◆ Goal of the exercise: Exactly and only the lines from the one with "subst alpha." through the end of the listing are to be transcribed, both ends included.

◆ Input:

* * * * * * *

Lemma minimizers_iff (E : vec3 -> R) (C : vec3 -> Prop) :
  (forall k, local_min E k -> C k) -> (forall k, C k -> global_min E k) ->
  (forall k, global_min E k <-> C k) /\ (forall k, local_min E k <-> global_min E k).
Proof.
  intros Hloc Hglob.
  assert (Hgl : forall k, global_min E k -> local_min E k).
  { intros k [Hdet Hmin]. split; [exact Hdet|]. exists 1. split; [lra | auto]. }
  split; intro k; split; auto.
Qed.

Lemma is_min_value_unique (g : R -> R) m1 m2 :
  is_min_value g m1 -> is_min_value g m2 -> m1 = m2.
Proof.
  intros [[x1 Hx1] H1] [[x2 Hx2] H2].
  apply Rle_antisym; [rewrite <- Hx2 | rewrite <- Hx1]; auto.
Qed.

Lemma is_min_value_shifted_quadratic K P : 0 <= P ->
  is_min_value (fun t => / 2 * ((t - K) ^ 2 + t ^ 2 * P)) (K ^ 2 * P / (2 * (1 + P))).
Proof.
  intros HP. split.
  - exists (K / (1 + P)). field. lra.
  - intros t.
    assert (Hsq : / 2 * ((t - K) ^ 2 + t ^ 2 * P) - K ^ 2 * P / (2 * (1 + P))
                  = (1 + P) / 2 * (t - K / (1 + P)) ^ 2) by (field; lra).
    pose proof (pow2_ge_0 (t - K / (1 + P))).
    assert (0 <= (1 + P) / 2 * (t - K / (1 + P)) ^ 2) by (apply Rmult_le_pos; lra).
    lra.
Qed.

Definition scaled_energy (nu alpha kb x y z : R) : R :=
  (1 + nu) * (x + y - 2 * kb) ^ 2 + (1 - nu) * ((x - y) ^ 2 + alpha * z ^ 2).

Lemma energy_isotropic D nu alpha kb x y z :
  energy D nu 1 alpha (mk3 kb kb 0) (x, y, z) = D / 4 * scaled_energy nu alpha kb x y z.
Proof. unfold energy, Dmul, vdot, vsub, mk3, v1, v2, v3, scaled_energy; simpl; field. Qed.

Lemma detk_eq0 x y z : detk (x, y, z) = 0 <-> 4 * x * y = z ^ 2.
Proof. unfold detk, v1, v2, v3; simpl; split; intro; lra. Qed.

Lemma vnorm_vsub_lt x y z x' y' z' eps : 0 < eps ->
  (x' - x) ^ 2 + (y' - y) ^ 2 + (z' - z) ^ 2 < eps ^ 2 ->
  vnorm (vsub (x', y', z') (x, y, z)) < eps.
Proof.
  intros Heps Hd. unfold vnorm, vdot, vsub, mk3, v1, v2, v3; simpl.
  rewrite <- (sqrt_pow2 eps) by lra. apply sqrt_lt_1_alt. simpl in Hd.
  pose proof (Rle_0_sqr (x' - x)). pose proof (Rle_0_sqr (y' - y)).
  pose proof (Rle_0_sqr (z' - z)). unfold Rsqr in *. lra.
Qed.


Lemma scaled_energy_lower_bound nu alpha kb m x y z :
  -1 < nu -> nu < 1 -> 0 <= m -> m <= 1 -> m <= alpha -> 4 * x * y = z ^ 2 ->
  4 * kb ^ 2 * (1 + nu) * ((1 - nu) * m) / ((1 + nu) + (1 - nu) * m)
    <= scaled_energy nu alpha kb x y z.
Proof.
  intros Hnu1 Hnu2 Hm0 Hm1 Hma Hcone. unfold scaled_energy.
  set (A := 1 + nu). set (B := (1 - nu) * m).
  assert (HA : 0 < A) by (unfold A; lra).
  assert (HB : 0 <= B) by (unfold B; nra).
  (* p^2 + alpha z^2 >= m (p^2 + z^2) = m (x + y)^2 on the cone *)
  assert (Hcmp : B * (x + y) ^ 2 <= (1 - nu) * ((x - y) ^ 2 + alpha * z ^ 2)).
  { unfold B. replace ((x + y) ^ 2) with ((x - y) ^ 2 + z ^ 2) by (rewrite <- Hcone; ring).
    pose proof (pow2_ge_0 (x - y)). pose proof (pow2_ge_0 z).
    assert (m * ((x - y) ^ 2 + z ^ 2) <= (x - y) ^ 2 + alpha * z ^ 2) by nra. nra. }
  assert (Hsq : 4 * kb ^ 2 * A * B / (A + B) <= A * (x + y - 2 * kb) ^ 2 + B * (x + y) ^ 2).
  { apply Rmult_le_reg_l with (A + B); [lra|].
    replace ((A + B) * (4 * kb ^ 2 * A * B / (A + B))) with (4 * kb ^ 2 * A * B) by (field; lra).
    assert (Hid : (A + B) * (A * (x + y - 2 * kb) ^ 2 + B * (x + y) ^ 2) - 4 * kb ^ 2 * A * B
                  = ((A + B) * (x + y) - 2 * kb * A) ^ 2) by ring.
    pose proof (pow2_ge_0 ((A + B) * (x + y) - 2 * kb * A)). lra. }
  unfold A, B in *. lra.
Qed.

Section ScaledLocalMinimizer.
Variables (nu alpha kb x y z eps : R).
Hypotheses (hnu1 : -1 < nu) (hnu2 : nu < 1) (hkb : 0 < kb)
  (Hcone : 4 * x * y = z ^ 2) (Heps : 0 < eps)
  (Hloc : forall x' y' z', 4 * x' * y' = z' ^ 2 ->
     (x' - x) ^ 2 + (y' - y) ^ 2 + (z' - z) ^ 2 < eps ^ 2 ->
     scaled_energy nu alpha kb x y z <= scaled_energy nu alpha kb x' y' z').

Lemma origin_not_scaled_local_min : ~ (x = 0 /\ y = 0 /\ z = 0).
Proof.
  intros [-> [-> ->]].
  set (t := Rmin (eps / 2) ((1 + nu) * kb)).
  assert (Ht0 : 0 < t) by (apply Rmin_glb_lt; nra).
  assert (Ht1 : t <= eps / 2) by apply Rmin_l.
  assert (Ht2 : t <= (1 + nu) * kb) by apply Rmin_r.
  clearbody t.
  pose proof (Hloc t 0 0 ltac:(ring) ltac:(nra)) as H.
  unfold scaled_energy in H. nra.
Qed.

(* Along the ray through (x, y, z), which stays in the cone, the energy is a
   quadratic polynomial in the scaling parameter. *)
Lemma scaled_local_min_ray_stationary :
  (1 + nu) * (x + y - 2 * kb) * (x + y) + (1 - nu) * ((x - y) ^ 2 + alpha * z ^ 2) = 0.
Proof.
  remember (x ^ 2 + y ^ 2 + z ^ 2) as S eqn:HSdef.
  assert (HS : 0 <= S) by (rewrite HSdef; nra).
  enough (H : 2 * ((1 + nu) * (x + y - 2 * kb) * (x + y)
                   + (1 - nu) * ((x - y) ^ 2 + alpha * z ^ 2)) = 0) by lra.
  apply (quadratic_local_min_slope _
           ((1 + nu) * (x + y) ^ 2 + (1 - nu) * ((x - y) ^ 2 + alpha * z ^ 2))
           (eps / (S + 1))).
  { apply Rdiv_lt_0_compat; lra. }
  intros h Hh.
  assert (Hh2 : h ^ 2 * S < eps ^ 2).
  { assert (Hh' : Rabs h * (S + 1) < eps) by (apply Rlt_div_r; lra).
    pose proof (Rabs_pos h) as Hu.
    assert (Hu1 : 0 <= Rabs h * (S + 1)) by (apply Rmult_le_pos; lra).
    assert (Hu2 : (Rabs h * (S + 1)) ^ 2 < eps ^ 2) by nra.
    assert (HSS : Rabs h ^ 2 * S <= Rabs h ^ 2 * (S + 1) ^ 2) by nra.
    rewrite <- (pow2_abs h). lra. }
  assert (Hray : 4 * ((1 + h) * x) * ((1 + h) * y) = ((1 + h) * z) ^ 2).
  { transitivity ((1 + h) ^ 2 * (4 * x * y)); [ring | rewrite Hcone; ring]. }
  pose proof (Hloc _ _ _ Hray) as H.
  assert (Hdist : ((1 + h) * x - x) ^ 2 + ((1 + h) * y - y) ^ 2 + ((1 + h) * z - z) ^ 2
                  = h ^ 2 * S) by (rewrite HSdef; ring).
  rewrite Hdist in H. specialize (H Hh2).
  unfold scaled_energy in H. lra.
Qed.

(* Competitors with the same trace x + y, written with p' = x' - y'. *)
Lemma scaled_local_min_circle p' z' :
  p' ^ 2 + z' ^ 2 = (x - y) ^ 2 + z ^ 2 -> (p' - (x - y)) ^ 2 + (z' - z) ^ 2 < eps ^ 2 ->
  (x - y) ^ 2 + alpha * z ^ 2 <= p' ^ 2 + alpha * z' ^ 2.
Proof.
  intros Hcirc Hd.
  pose proof (Hloc ((x + y + p') / 2) ((x + y - p') / 2) z') as H.
  unfold scaled_energy in H.
  replace ((x + y + p') / 2 + (x + y - p') / 2) with (x + y) in H by field.
  replace ((x + y + p') / 2 - (x + y - p') / 2) with p' in H by field.
  assert (Hdist : ((x + y + p') / 2 - x) ^ 2 + ((x + y - p') / 2 - y) ^ 2 + (z' - z) ^ 2
                  = (p' - (x - y)) ^ 2 / 2 + (z' - z) ^ 2) by field.
  rewrite Hdist in H.
  assert (H' : (1 - nu) * ((x - y) ^ 2 + alpha * z ^ 2) <= (1 - nu) * (p' ^ 2 + alpha * z' ^ 2)).
  { apply (Rplus_le_reg_l ((1 + nu) * (x + y - 2 * kb) ^ 2)), H; [nra |].
    pose proof (pow2_ge_0 (p' - (x - y))). lra. }
  apply Rmult_le_reg_l with (1 - nu); lra.
Qed.

End ScaledLocalMinimizer.

Section IsotropicMinimizers.
Variables (D nu alpha kb : R).
Hypotheses (hD : 0 < D) (hnu1 : -1 < nu) (hnu2 : nu < 1) (halpha : 0 < alpha) (hkb : 0 < kb).
Let E := energy D nu 1 alpha (mk3 kb kb 0).

Lemma local_min_scaled x y z : local_min E (x, y, z) ->
  4 * x * y = z ^ 2 /\ exists eps, 0 < eps /\
  forall x' y' z', 4 * x' * y' = z' ^ 2 ->
    (x' - x) ^ 2 + (y' - y) ^ 2 + (z' - z) ^ 2 < eps ^ 2 ->
    scaled_energy nu alpha kb x y z <= scaled_energy nu alpha kb x' y' z'.
Proof.
  intros [Hdet [eps [Heps Hmin]]]. apply detk_eq0 in Hdet.
  split; [exact Hdet|]. exists eps. split; [exact Heps|].
  intros x' y' z' Hcone Hd.
  specialize (Hmin (x', y', z') (proj2 (detk_eq0 _ _ _) Hcone)
                   (vnorm_vsub_lt _ _ _ _ _ _ _ Heps Hd)).
  unfold E in Hmin. rewrite !energy_isotropic in Hmin.
  apply Rmult_le_reg_l with (D / 4); lra.
Qed.

Lemma local_min_conditions x y z : local_min E (x, y, z) ->
  4 * x * y = z ^ 2 /\ ~ (x = 0 /\ y = 0 /\ z = 0) /\
  (1 + nu) * (x + y - 2 * kb) * (x + y) + (1 - nu) * ((x - y) ^ 2 + alpha * z ^ 2) = 0 /\
  (1 < alpha -> z = 0) /\ (alpha < 1 -> x = y).
Proof.
  intros Hl. destruct (local_min_scaled x y z Hl) as [Hcone [eps [Heps Hloc]]].
  assert (Hcirc := scaled_local_min_circle nu alpha kb x y z eps hnu2 Hcone Hloc).
  split; [exact Hcone|].
  split; [exact (origin_not_scaled_local_min _ _ _ _ _ _ _ hnu1 hkb Hcone Heps Hloc)|].
  split; [exact (scaled_local_min_ray_stationary _ _ _ _ _ _ _ Hcone Heps Hloc)|].
  split.
  - intros Ha. apply (circle_weighted_local_min 1 alpha (x - y) z eps Ha Heps).
    intros p' z' H1 H2. pose proof (Hcirc p' z' H1 H2). lra.
  - intros Ha. enough (x - y = 0) by lra.
    apply (circle_weighted_local_min alpha 1 z (x - y) eps Ha Heps).
    intros z' p' H1 H2. pose proof (Hcirc p' z' ltac:(lra) ltac:(lra)). lra.
Qed.

Lemma global_min_of_scaled x y z : 4 * x * y = z ^ 2 ->
  (forall x' y' z', 4 * x' * y' = z' ^ 2 ->
     scaled_energy nu alpha kb x y z <= scaled_energy nu alpha kb x' y' z') ->
  global_min E (x, y, z).
Proof.
  intros Hcone Hmin. split; [apply detk_eq0; exact Hcone|].
  intros [[x' y'] z'] Hdet. apply detk_eq0 in Hdet.
  unfold E. rewrite !energy_isotropic.
  apply Rmult_le_compat_l; [lra | exact (Hmin x' y' z' Hdet)].
Qed.

Lemma global_min_cone_trace x y z : 1 <= alpha -> 4 * x * y = z ^ 2 ->
  x + y = (1 + nu) * kb -> (alpha - 1) * z ^ 2 = 0 -> global_min E (x, y, z).
Proof.
  intros Ha Hcone Hsum Hz. apply global_min_of_scaled; [exact Hcone|].
  intros x' y' z' Hcone'.
  eapply Rle_trans;
    [| apply (scaled_energy_lower_bound nu alpha kb 1 x' y' z' hnu1 hnu2); lra].
  right. unfold scaled_energy.
  replace ((x - y) ^ 2 + alpha * z ^ 2) with ((x + y) ^ 2 + (alpha - 1) * z ^ 2)
    by (rewrite <- Hcone; ring).
  rewrite Hsum, Hz. field. lra.
Qed.

Lemma global_min_diagonal z : alpha <= 1 ->
  let c := (1 + nu) * kb / (1 + nu + alpha - alpha * nu) in
  z ^ 2 = 4 * c ^ 2 -> global_min E (c, c, z).
Proof.
  intros Ha c Hz.
  assert (Hden : 0 < 1 + nu + alpha - alpha * nu) by nra.
  apply global_min_of_scaled; [rewrite Hz; ring|].
  intros x' y' z' Hcone'.
  eapply Rle_trans;
    [| apply (scaled_energy_lower_bound nu alpha kb alpha x' y' z' hnu1 hnu2); lra].
  right. unfold scaled_energy. rewrite Hz. unfold c. field. lra.
Qed.

Lemma local_min_alpha_gt1 k : 1 < alpha -> local_min E k ->
  k = mk3 ((1 + nu) * kb) 0 0 \/ k = mk3 0 ((1 + nu) * kb) 0.
Proof.
  destruct k as [[x y] z]. intros Ha Hl.
  destruct (local_min_conditions x y z Hl) as [Hcone [Hnz [Hstat [Hz _]]]].
  specialize (Hz Ha). subst z. unfold mk3.
  assert (Hxy : x * y = 0) by lra.
  destruct (Rmult_integral _ _ Hxy) as [-> | ->].
  - assert (Hy : y * (y - (1 + nu) * kb) = 0) by lra.
    destruct (Rmult_integral _ _ Hy) as [-> | Hy']; [tauto|].
    right. repeat f_equal. lra.
  - assert (Hx : x * (x - (1 + nu) * kb) = 0) by lra.
    destruct (Rmult_integral _ _ Hx) as [-> | Hx']; [tauto|].
    left. repeat f_equal. lra.
Qed.

Lemma local_min_alpha_lt1 k : alpha < 1 -> local_min E k ->
  let c := (1 + nu) * kb / (1 + nu + alpha - alpha * nu) in
  k = mk3 c c (2 * c) \/ k = mk3 c c (- (2 * c)).
Proof.
  destruct k as [[x y] z]. intros Ha Hl c.
  destruct (local_min_conditions x y z Hl) as [Hcone [Hnz [Hstat [_ Hxy]]]].
  specialize (Hxy Ha). subst y.
  assert (Hden : 0 < 1 + nu + alpha - alpha * nu) by nra.
  assert (Hx : x * ((1 + nu + alpha - alpha * nu) * x - (1 + nu) * kb) = 0).
  { rewrite <- Hcone in Hstat. lra. }
  destruct (Rmult_integral _ _ Hx) as [-> | Hx'].
  - exfalso. apply Hnz. repeat split. nra.
  - assert (Hxc : x = c) by (unfold c; field_simplify_eq; lra).
    subst x. assert (Hz : (z - 2 * c) * (z + 2 * c) = 0) by lra.
    unfold mk3. destruct (Rmult_integral _ _ Hz); [left | right]; repeat f_equal; lra.
Qed.

Lemma local_min_alpha_eq1 k : alpha = 1 -> local_min E k ->
  exists phi, 0 <= phi < PI /\
    k = mk3 ((1 + nu) * kb * cos phi ^ 2) ((1 + nu) * kb * sin phi ^ 2)
            ((1 + nu) * kb * (2 * sin phi * cos phi)).
Proof.
  destruct k as [[x y] z]. intros Ha Hl.
  destruct (local_min_conditions x y z Hl) as [Hcone [Hnz [Hstat _]]].
  subst alpha.
  assert (Hsum : (x + y) * ((x + y) - (1 + nu) * kb) = 0).
  { replace ((x - y) ^ 2 + 1 * z ^ 2) with ((x + y) ^ 2) in Hstat by (rewrite <- Hcone; ring).
    lra. }
  destruct (Rmult_integral _ _ Hsum) as [Hs0 | Hs].
  - exfalso. apply Hnz. assert (Hy : y = - x) by lra. subst y.
    assert (Hx : x = 0) by nra. subst x. repeat split; nra.
  - apply cone_slice_angle; [nra | lra | exact Hcone].
Qed.

Lemma minimizers_alpha_gt1 : 1 < alpha ->
  (forall k, global_min E k <-> (k = mk3 ((1 + nu) * kb) 0 0 \/ k = mk3 0 ((1 + nu) * kb) 0)) /\
  (forall k, local_min E k <-> global_min E k).
Proof.
  intros Ha. apply minimizers_iff.
  - intros k. apply local_min_alpha_gt1; assumption.
  - intros k [-> | ->]; apply global_min_cone_trace; (lra || ring).
Qed.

* * * * * * *

◆ Answer space:
  subst alpha.
  assert (Hsum : (x + y) * ((x + y) - (1 + nu) * kb) = 0).
  { replace ((x - y) ^ 2 + 1 * z ^ 2) with ((x + y) ^ 2) in Hstat by (rewrite <- Hcone; ring).
    lra. }
  destruct (Rmult_integral _ _ Hsum) as [Hs0 | Hs].
  - exfalso. apply Hnz. assert (Hy : y = - x) by lra. subst y.
    assert (Hx : x = 0) by nra. subst x. repeat split; nra.
  - apply cone_slice_angle; [nra | lra | exact Hcone].
Qed.

Lemma minimizers_alpha_gt1 : 1 < alpha ->
  (forall k, global_min E k <-> (k = mk3 ((1 + nu) * kb) 0 0 \/ k = mk3 0 ((1 + nu) * kb) 0)) /\
  (forall k, local_min E k <-> global_min E k).
Proof.
  intros Ha. apply minimizers_iff.
  - intros k. apply local_min_alpha_gt1; assumption.
  - intros k [-> | ->]; apply global_min_cone_trace; (lra || ring).
Qed.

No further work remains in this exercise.